From top to bottom, return the records that follow exactly.

[Excerpted data]

Lemma strict_subset_trans {St} (X Y Z : St -> Prop) :
  strict_subset X Y -> strict_subset Y Z -> strict_subset X Z.
Proof.
  intros [H1 H2] [H3 H4]. split; [intros s Hs; auto|].
  intro E; subst. apply H2. apply subset_antisym; auto.
Qed.

Lemma NoDup_app_disjoint {A : Type} (l1 l2 : list A) a :
  NoDup (l1 ++ l2) -> In a l1 -> ~ In a l2.
Proof.
  induction l1 as [|b l1 IH]; simpl; intros H1 H2; [tauto|]. inversion H1; subst.
  destruct H2 as [E|H2]; [subst|auto]. intro. apply H3. apply in_or_app; auto.
Qed.

Lemma firstn_length_eq {A : Type} (l : list A) n : length l = n -> firstn n l = l.
Proof. intro; subst; apply firstn_all2; auto. Qed.

Section Completeness.
Variables (Sigma St : Type) (trans : St -> Sigma -> St -> Prop).
Implicit Types (W : var -> St -> Prop) (X : St -> Prop).

(** * Valuations and the semantics of positive formulas *)

Lemma upd_eq W Z X : upd W Z X Z = X.
Proof. unfold upd. rewrite Nat.eqb_refl. auto. Qed.

Lemma upd_neq W Z X Y : Y <> Z -> upd W Z X Y = W Y.
Proof. intro H. unfold upd. apply Nat.eqb_neq in H. rewrite H. auto. Qed.

Lemma upd_shadow W Z X X' : upd (upd W Z X) Z X' = upd W Z X'.
Proof.
  apply functional_extensionality; intro Y. unfold upd. destruct (Nat.eqb Y Z); auto.
Qed.

Lemma upd_comm W Z X Y X' : Z <> Y -> upd (upd W Z X) Y X' = upd (upd W Y X') Z X.
Proof.
  intro H. apply functional_extensionality; intro v. unfold upd.
  destruct (Nat.eqb v Y) eqn:E1; destruct (Nat.eqb v Z) eqn:E2; auto.
  apply Nat.eqb_eq in E1; apply Nat.eqb_eq in E2; subst; congruence.
Qed.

[/Excerpted data]

Answer to this exercise:
Lemma strict_subset_trans {St} (X Y Z : St -> Prop) :
  strict_subset X Y -> strict_subset Y Z -> strict_subset X Z.
Proof.
  intros [H1 H2] [H3 H4]. split; [intros s Hs; auto|].
  intro E; subst. apply H2. apply subset_antisym; auto.
Qed.

Lemma NoDup_app_disjoint {A : Type} (l1 l2 : list A) a :
  NoDup (l1 ++ l2) -> In a l1 -> ~ In a l2.
Proof.
  induction l1 as [|b l1 IH]; simpl; intros H1 H2; [tauto|]. inversion H1; subst.
  destruct H2 as [E|H2]; [subst|auto]. intro. apply H3. apply in_or_app; auto.
Qed.

Lemma firstn_length_eq {A : Type} (l : list A) n : length l = n -> firstn n l = l.
Proof. intro; subst; apply firstn_all2; auto. Qed.

Section Completeness.
Variables (Sigma St : Type) (trans : St -> Sigma -> St -> Prop).
Implicit Types (W : var -> St -> Prop) (X : St -> Prop).

(** * Valuations and the semantics of positive formulas *)

Lemma upd_eq W Z X : upd W Z X Z = X.
Proof. unfold upd. rewrite Nat.eqb_refl. auto. Qed.

Lemma upd_neq W Z X Y : Y <> Z -> upd W Z X Y = W Y.
Proof. intro H. unfold upd. apply Nat.eqb_neq in H. rewrite H. auto. Qed.

Lemma upd_shadow W Z X X' : upd (upd W Z X) Z X' = upd W Z X'.
Proof.
  apply functional_extensionality; intro Y. unfold upd. destruct (Nat.eqb Y Z); auto.
Qed.

Lemma upd_comm W Z X Y X' : Z <> Y -> upd (upd W Z X) Y X' = upd (upd W Y X') Z X.
Proof.
  intro H. apply functional_extensionality; intro v. unfold upd.
  destruct (Nat.eqb v Y) eqn:E1; destruct (Nat.eqb v Z) eqn:E2; auto.
  apply Nat.eqb_eq in E1; apply Nat.eqb_eq in E2; subst; congruence.
Qed.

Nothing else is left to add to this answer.